Un día a la hora de comer su amigo le contó que un adulto que llevaba tiempo fuera había ido de visita y les había hablado de todo lo que allí había. "Dice que nada es igual, que comer no es tan sencillo como acercarse a la Piedra Verde, dice que tenemos suerte de ser aún pequeños". Él no entendía cómo los mayores podían decir estas cosas, lo que más deseaba era descubrir qué se escondía tras toda esa luz que venía de arriba, dejar de nadar, ser de una vez una rana. Veía a sus compañeros irse y se moría de envidia "¡Creced ya!" les decía siempre a sus aún pequeñas extremidades, pues para él nunca eran lo suficientemente largas. Entre soñar con su futuro y sus intentos de aparentar madurez para que lo dejasen salir como a los mayores, su cola y sus branquias desaparecieron, y se vio un día, aún sin poder creérselo, fuera de su casa, a unos pasos pero a la vez muy lejos, en otro mundo, y creyó sentirse muy feliz.

Volvía de vez en cuando aunque sin ganas, no lo echaba de menos, o eso pensaba. Un día que estaba allí vio eclosionar a unos huevos y lo azotó un ligero sentimiento de nostalgia, aunque ya no recordaba haber vivido aquel momento, ni muchos otros de su infancia. Poco a poco dejó de volver, cada día se iba más lejos, explorando aquel sorprendente mundo que su aún alma de renacuajo deseaba conquistar. Pero lo que al principio parecía aventura acabó siendo rutina, y esa libertad que había sentido se esfumó apagada por la fuerte dependencia a estar siempre cerca del agua, la dificultad de conseguir algo que comer y la constante precaución ante los numerosos peligros y la posible muerte que siniestramente lo acechaba. Cada día lo pensaba más, no temía a la soledad, ni al dolor, ni a la noche, temía que pudiesen matarlo, desaparecer y no ser nada, nunca más nada. Se acabó sintiendo no solo preso de ese mundo, sino de su propia existencia.

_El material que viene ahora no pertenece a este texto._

(* Let $J_3$ be the graph with vertex set $\{a,b,c,d,e,f,g,h,i,j,k\}$ whose edges are: $ab$; $ac,ad,ae,af,ag$ and $bc,bd,be,bf,bg$; $cd,de,ef,fg$; $ha,hd,he$; $ia,ie,if$; $jb,jd,je$; $kb,ke,kf$. Let $H$ be a subgraph of $J_3$ with maximum degree at most three that contains no edge incident with $a$ or $b$. Then $J_3-E(H)$ contains a copy of $K_4$, or a subgraph isomorphic to $J_1$ or to $J_2$ via an isomorphism mapping the vertices $a,b$ of $J_1$ (resp. $J_2$) to the vertices $a,b$ of $J_3$ respectively.
   Context: $J_1$ is the graph with vertex set $\{a,b,c,d,e\}$ and edge set $\{ab,ac,bc,ae,be,cd,de,ad\}$; $J_2$ is the graph with the same vertex set and edge set $\{ab,ac,bc,ae,be,cd,de,bd\}$. (In the paper, the edge $ab$ is called the handle, and the conclusion is phrased as ''a subgraph isomorphic to $J_1$ or $J_2$ with handle $ab$''.) *)

From mathcomp Require Import all_boot.
Set Implicit Arguments. Unset Strict Implicit. Unset Printing Implicit Defensive.

Definition adj_of {n : nat} (es : seq (nat * nat)) : rel 'I_n :=
  fun x y => ((nat_of_ord x, nat_of_ord y) \in es) || ((nat_of_ord y, nat_of_ord x) \in es).

(* J1, J2 on vertices 'I_5 : a=0, b=1, c=2, d=3, e=4. *)
Definition J1_edges : seq (nat * nat) :=
  [:: (0,1); (0,2); (1,2); (0,4); (1,4); (2,3); (3,4); (0,3)].          (* ab ac bc ae be cd de ad *)
Definition J2_edges : seq (nat * nat) :=
  [:: (0,1); (0,2); (1,2); (0,4); (1,4); (2,3); (3,4); (1,3)].          (* ab ac bc ae be cd de bd *)
Definition J1 : rel 'I_5 := @adj_of 5 J1_edges.
Definition J2 : rel 'I_5 := @adj_of 5 J2_edges.

(* J3 on vertices 'I_11 : a=0,b=1,c=2,d=3,e=4,f=5,g=6,h=7,i=8,j=9,k=10. *)
Definition J3_edges : seq (nat * nat) :=
  [:: (0,1);
      (0,2); (0,3); (0,4); (0,5); (0,6);
      (1,2); (1,3); (1,4); (1,5); (1,6);
      (2,3); (3,4); (4,5); (5,6);
      (7,0); (7,3); (7,4);
      (8,0); (8,4); (8,5);
      (9,1); (9,3); (9,4);
      (10,1); (10,4); (10,5)].
Definition J3 : rel 'I_11 := @adj_of 11 J3_edges.

Definition has_K4 (T : finType) (G : rel T) : Prop :=
  exists S : {set T}, #|S| = 4 /\ {in S &, forall x y, x != y -> G x y}.

Definition has_copy_fixing (T U : finType) (F : rel U) (G : rel T) (u v : U) (u' v' : T) : Prop :=
  exists phi : U -> T, [/\ injective phi, phi u = u', phi v = v' &
                           forall x y, F x y -> G (phi x) (phi y)].

From mathcomp Require Import all_boot.

Set Implicit Arguments.
Unset Strict Implicit.
Unset Printing Implicit Defensive.

(* Since H avoids a and b, all edges of J3 at a and b survive in J3 - E(H).
   Hence a spine edge xy (x, y consecutive on c d e f g) missing from H gives
   the K4 on {a, b, x, y}, and otherwise H contains the whole spine.  The ears
   h and j on d e, i and k on e f each yield a copy of J1 (h, i, adjacent to a)
   or of J2 (j, k, adjacent to b) as soon as both ear edges avoid H.  They
   cannot all be blocked: e already has two spine edges in H, so at most one
   ear is blocked at e, the other three are blocked at d or f, and two of them
   on the same side would give d or f a fourth H-edge. *)

Lemma adj_of_sym n (es : seq (nat * nat)) : symmetric (@adj_of n es).
Proof. by move=> x y; rewrite /adj_of orbC. Qed.

Section SimpleGraphs.

Variable T : finType.
Implicit Types (G H : rel T) (s : seq T).

Lemma size_le_card_neighbours H x s :
  uniq s -> all (H x) s -> size s <= #|[set y | H x y]|.
Proof.
move=> s_uniq /allP sH; rewrite -(card_uniqP s_uniq).
by apply/subset_leq_card/subsetP => y /sH; rewrite inE.
Qed.

Lemma has_K4_pairwise G s :
  symmetric G -> uniq s -> size s = 4 -> pairwise G s -> has_K4 G.
Proof.
move=> G_sym s_uniq s4 s_clique; exists [set x in s].
split; first by rewrite cardsE (card_uniqP s_uniq).
move=> x y; rewrite !inE => xs ys; move/(pairwiseP x): s_clique => Gs.
rewrite -(nth_index x xs) -(nth_index x ys) nth_uniq ?index_mem //.
case: ltngtP => // [lt_xy | lt_yx] _; last rewrite G_sym.
  by apply: Gs; rewrite ?inE ?index_mem.
by apply: Gs; rewrite ?inE ?index_mem.
Qed.

Lemma has_copy_fixing_tuple n (es : seq (nat * nat)) G (t : n.-tuple T) x0
    (u v : 'I_n) :
  symmetric G -> uniq t -> all (fun p => G (nth x0 t p.1) (nth x0 t p.2)) es ->
  has_copy_fixing (adj_of es) G u v (tnth t u) (tnth t v).
Proof.
move=> G_sym t_uniq esG; exists (tnth t); split => //; first exact/tuple_uniqP.
move=> x y /orP[] /(allP esG) /=; rewrite -!(tnth_nth x0) //.
by rewrite G_sym.
Qed.

End SimpleGraphs.

(* Vertices are concrete ordinals rather than [inord k], which does not
   compute because the bound proof inside [inord] is opaque. *)
Local Notation a := (@Ordinal 11 0 isT).
Local Notation b := (@Ordinal 11 1 isT).
Local Notation c := (@Ordinal 11 2 isT).
Local Notation d := (@Ordinal 11 3 isT).
Local Notation e := (@Ordinal 11 4 isT).
Local Notation f := (@Ordinal 11 5 isT).
Local Notation g := (@Ordinal 11 6 isT).
Local Notation h := (@Ordinal 11 7 isT).
Local Notation i := (@Ordinal 11 8 isT).
Local Notation j := (@Ordinal 11 9 isT).
Local Notation k := (@Ordinal 11 10 isT).

Section J3MinusH.

Variable H : rel 'I_11.
Hypothesis H_sym : symmetric H.
Hypothesis H_deg : forall x : 'I_11, #|[set y | H x y]| <= 3.
Hypothesis H_handle : forall y : 'I_11, ~~ H a y /\ ~~ H b y.

Local Notation G := (fun x y : 'I_11 => J3 x y && ~~ H x y).

Let G_sym : symmetric G.
Proof. by move=> x y; rewrite H_sym /J3 adj_of_sym. Qed.

Let H_a y : H a y = false. Proof. by apply/negbTE; case: (H_handle y). Qed.
Let H_b y : H b y = false. Proof. by apply/negbTE; case: (H_handle y). Qed.

Lemma has_K4_of_handle_edge x y : ~~ H x y ->
  uniq [:: a; b; x; y] -> [&& J3 a x, J3 a y, J3 b x, J3 b y & J3 x y] ->
  has_K4 G.
Proof.
move=> Nxy abxy_uniq /and5P[Jax Jay Jbx Jby Jxy].
apply: (@has_K4_pairwise _ _ [:: a; b; x; y] G_sym) => //=.
by rewrite !H_a !H_b Jax Jay Jbx Jby Jxy Nxy.
Qed.

Lemma has_K4_of_spine_gap : ~~ [&& H c d, H d e, H e f & H f g] -> has_K4 G.
Proof.
by rewrite !negb_and => /or4P[] gap; apply: (has_K4_of_handle_edge gap).
Qed.

Lemma ear_free_of_spine : H c d -> H d e -> H e f -> H f g ->
  [|| ~~ H d h && ~~ H e h, ~~ H d j && ~~ H e j,
      ~~ H e i && ~~ H f i | ~~ H e k && ~~ H f k].
Proof.
move=> Hcd Hde Hef Hfg.
have deg_le3 x s : uniq s -> size s = 4 -> ~~ all (H x) s.
  move=> s_uniq s4; apply/negP => /(size_le_card_neighbours s_uniq).
  by rewrite s4 => /leq_trans/(_ (H_deg x)).
have e_one_more x y : uniq [:: d; f; x; y] -> ~~ (H e x && H e y).
  move=> dfxy_uniq; move: (deg_le3 e _ dfxy_uniq erefl).
  by rewrite /= (H_sym e d) Hde Hef andbT.
have d_full : ~~ (H d h && H d j).
  by move: (deg_le3 d [:: c; e; h; j] isT erefl); rewrite /= (H_sym d c) Hcd Hde andbT.
have f_full : ~~ (H f i && H f k).
  by move: (deg_le3 f [:: e; g; i; k] isT erefl); rewrite /= (H_sym f e) Hef Hfg andbT.
move: (e_one_more h i isT) (e_one_more h j isT) (e_one_more h k isT).
move: (e_one_more i j isT) (e_one_more i k isT) (e_one_more j k isT) d_full f_full.
by case: (H e h); case: (H e i); case: (H e j); case: (H e k);
   case: (H d h); case: (H d j); case: (H f i); case: (H f k).
Qed.

Lemma has_J1_of_ear x z y : ~~ H x z -> ~~ H z y ->
  uniq [:: a; b; x; z; y] ->
  [&& J3 a x, J3 b x, J3 a y, J3 b y, J3 a z, J3 x z & J3 z y] ->
  has_copy_fixing J1 G (inord 0) (inord 1) a b.
Proof.
move=> Nxz Nzy abxzy_uniq /and5P[Jax Jbx Jay Jby /and3P[Jaz Jxz Jzy]].
rewrite (inord_val (ord0 : 'I_5)) (inord_val (@Ordinal 5 1 isT)).
apply: (has_copy_fixing_tuple (t := [tuple a; b; x; z; y]) (x0 := a)) => //=.
by rewrite !H_a !H_b Jax Jbx Jay Jby Jaz Jxz Jzy Nxz Nzy.
Qed.

Lemma has_J2_of_ear x z y : ~~ H x z -> ~~ H z y ->
  uniq [:: a; b; x; z; y] ->
  [&& J3 a x, J3 b x, J3 a y, J3 b y, J3 b z, J3 x z & J3 z y] ->
  has_copy_fixing J2 G (inord 0) (inord 1) a b.
Proof.
move=> Nxz Nzy abxzy_uniq /and5P[Jax Jbx Jay Jby /and3P[Jbz Jxz Jzy]].
rewrite (inord_val (ord0 : 'I_5)) (inord_val (@Ordinal 5 1 isT)).
apply: (has_copy_fixing_tuple (t := [tuple a; b; x; z; y]) (x0 := a)) => //=.
by rewrite !H_a !H_b Jax Jbx Jay Jby Jbz Jxz Jzy Nxz Nzy.
Qed.

End J3MinusH.

Theorem lemma3 (H : rel 'I_11) :
  (* H is a (simple) subgraph of J3, given by its edge relation *)
  symmetric H ->
  subrel H J3 ->
  (* maximum degree of H at most three *)
  (forall x : 'I_11, #|[set y | H x y]| <= 3) ->
  (* no edge of H is incident with a (= 0) or b (= 1) *)
  (forall y : 'I_11, ~~ H (inord 0) y /\ ~~ H (inord 1) y) ->
  let G := fun x y : 'I_11 => J3 x y && ~~ H x y in
  has_K4 G \/
  has_copy_fixing J1 G (inord 0) (inord 1) (inord 0) (inord 1) \/
  has_copy_fixing J2 G (inord 0) (inord 1) (inord 0) (inord 1).
Proof.
rewrite (inord_val a) (inord_val b) => H_sym _ H_deg H_handle G.
have [spine | gap] := boolP [&& H c d, H d e, H e f & H f g]; last first.
  by left; apply: (has_K4_of_spine_gap H_sym H_handle gap).
right; case/and4P: spine => Hcd Hde Hef Hfg.
case/or4P: (ear_free_of_spine H_sym H_deg Hcd Hde Hef Hfg) => /andP[N1 N2].
- by left; rewrite (H_sym e) in N2; apply: (has_J1_of_ear H_sym H_handle N1 N2).
- by right; rewrite (H_sym e) in N2; apply: (has_J2_of_ear H_sym H_handle N1 N2).
- by left; rewrite (H_sym f) in N2; apply: (has_J1_of_ear H_sym H_handle N1 N2).
- by right; rewrite (H_sym f) in N2; apply: (has_J2_of_ear H_sym H_handle N1 N2).
Qed.
(* Let $V$ be a reflexive Banach space, $X$ a Banach space, $\gamma\in\mathcal{L}(V,X)$ with $c_\gamma:=\|\gamma\|_{\mathcal{L}(V,X)}$ and adjoint $\gamma^*\colon X^*\to V^*$. Let $A\colon V\to V^*$, $J\colon X\times X\to\mathbb{R}$ and $f\in V^*$ satisfy: (A1) $A$ is linear and bounded; (A2) $\langle Au,v\rangle_{V^*\times V}=\langle Av,u\rangle_{V^*\times V}$ for all $u,v\in V$; (A3) there is $m_A>0$ with $\langle Au,u\rangle_{V^*\times V}\ge m_A\|u\|_V^2$ for all $u\in V$; (J1) $J$ is locally Lipschitz continuous with respect to its second variable; (J2) there exist $c_0,c_1,c_2\ge 0$ with $\|\partial_2 J(w,v)\|_{X^*}\le c_0+c_1\|v\|_X+c_2\|w\|_X$ for all $w,v\in X$; (J3) there exist $m_\alpha,m_L\ge0$ such that $J_2^0(w_1,v_1;v_2-v_1)+J_2^0(w_2,v_2;v_1-v_2)\le m_\alpha\|v_1-v_2\|_X^2+m_L\|w_1-w_2\|_X\|v_1-v_2\|_X$ for all $w_1,w_2,v_1,v_2\in X$; (S) $m_A>(m_\alpha+m_L)c_\gamma^2$. Define $\mathcal{L}\colon V\times V\to\mathbb{R}$ by $\mathcal{L}(w,v)=\tfrac12\langle Av,v\rangle_{V^*\times V}-\langle f,v\rangle_{V^*\times V}+J(\gamma w,\gamma v)$. Then: (i) $\mathcal{L}(w,\cdot)$ is locally Lipschitz continuous for all $w\in V$; (ii) $\partial_2\mathcal{L}(w,v)\subseteq Av-f+\gamma^*\partial_2J(\gamma w,\gamma v)$ for all $w,v\in V$; (iii) $\mathcal{L}(w,\cdot)$ is strictly convex for all $w\in V$.
   Context: For a locally Lipschitz function $g$ on a Banach space $Y$, the generalized (Clarke) directional derivative at $x$ in direction $v$ is $g^0(x;v)=\limsup_{y\to x,\lambda\searrow0}\frac{g(y+\lambda v)-g(y)}{\lambda}$, and the Clarke subdifferential is $\partial g(x)=\{\xi\in Y^*:\langle\xi,v\rangle\le g^0(x;v)\ \forall v\in Y\}$. For a function of two variables, $\partial_2$ and $(\cdot)_2^0$ denote the Clarke subdifferential and generalized directional derivative with respect to the second variable. $\|\partial_2J(w,v)\|_{X^*}$ denotes $\sup\{\|\xi\|_{X^*}:\xi\in\partial_2J(w,v)\}$. *)

From HB Require Import structures.
From mathcomp Require Import all_boot all_order all_algebra.
From mathcomp Require Import all_classical all_reals all_analysis.
Set Implicit Arguments. Unset Strict Implicit. Unset Printing Implicit Defensive.
Import Order.TTheory GRing.Theory Num.Theory.
Import numFieldNormedType.Exports.
Local Open Scope classical_set_scope.
Local Open Scope ring_scope.
Lemma highest_branch_cmp x : (b <= x)%O || (x < b)%O.
Proof.
move: b_highest; rewrite /is_highest_branch_vertex.
case: ifP => [_ /andP[_ /forallP b_max]|_ /forallP]; last by move->.
apply/negPn/negP; rewrite negb_or => /andP[nbx nxb].
have xb : x != b by apply: contraNneq nbx => ->.
have /= := @ex_minimal (fun z => (x <= z) && (b <= z))%O r.
rewrite !le_top => /(_ isT) [z /andP[xz bz] zmin].
have xz' : (x < z)%O by rewrite lt_neqAle xz andbT; apply: contraNneq nbx => ->.
have bz' : (b < z)%O by rewrite lt_neqAle bz andbT; apply: contraNneq nxb => ->.
have [a xa az] := cover_below xz'; have [a' ba' a'z] := cover_below bz'.
have aa' : a != a'.
  apply/eqP => eq_aa'; have ba : (b <= a)%O by rewrite eq_aa'.
  by case/and4P: az => _ _ a_z _; have := zmin a; rewrite xa ba a_z => /(_ isT).
have : is_branch z.
  apply: (@leq_trans #|[set a; a']|); first by rewrite cards2 aa'.
  by apply: subset_leq_card; apply/subsetP => y; rewrite !inE => /orP[] /eqP->.
by move/(implyP (b_max z)); rewrite (lt_geF bz').
Qed.

Definition golden_subtree S := (S \subset golden_below L b) && is_rooted_tree_on S.

Local Notation M := (maxGoldenSubtrees L b).

Lemma maxGoldenSubtreesP T :
  T \in M -> golden_subtree T /\ forall S, golden_subtree S -> T \subset S -> S = T.
Proof. by rewrite inE => /maxsetP. Qed.

Lemma maxGoldenSubtree_sub T : T \in M -> T \subset golden_below L b.
Proof. by case/maxGoldenSubtreesP => /andP[]. Qed.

Un día comiendo se atragantó, notó como su pecho se paralizaba, cómo su vista se nublaba y como sus manos se adormecían. Iba a morir, lo sabía, pero no tuvo miedo, solo sintió tristeza. El tormento de estar a punto de desaparecer le azotó el corazón más fuerte incluso que el dolor que la asfixia le causaba. Solo entonces se dio cuenta de que nunca había sido nada, solo una existencia vacía que pronto se desvanecería como el último aliento que se aferraba a sus pulmones, casi tan fríos como su alma. Y entonces pensó que quizás la libertad solo había existido en su mente, que quizás siempre había sido un prisionero, porque aunque hubiera podido vivir sin agua, o sin comer ni ser comido, la muerte habría acabado llegando para dejarle claro que la verdadera dueña de su vida, la que lo aprisionaba, era ella.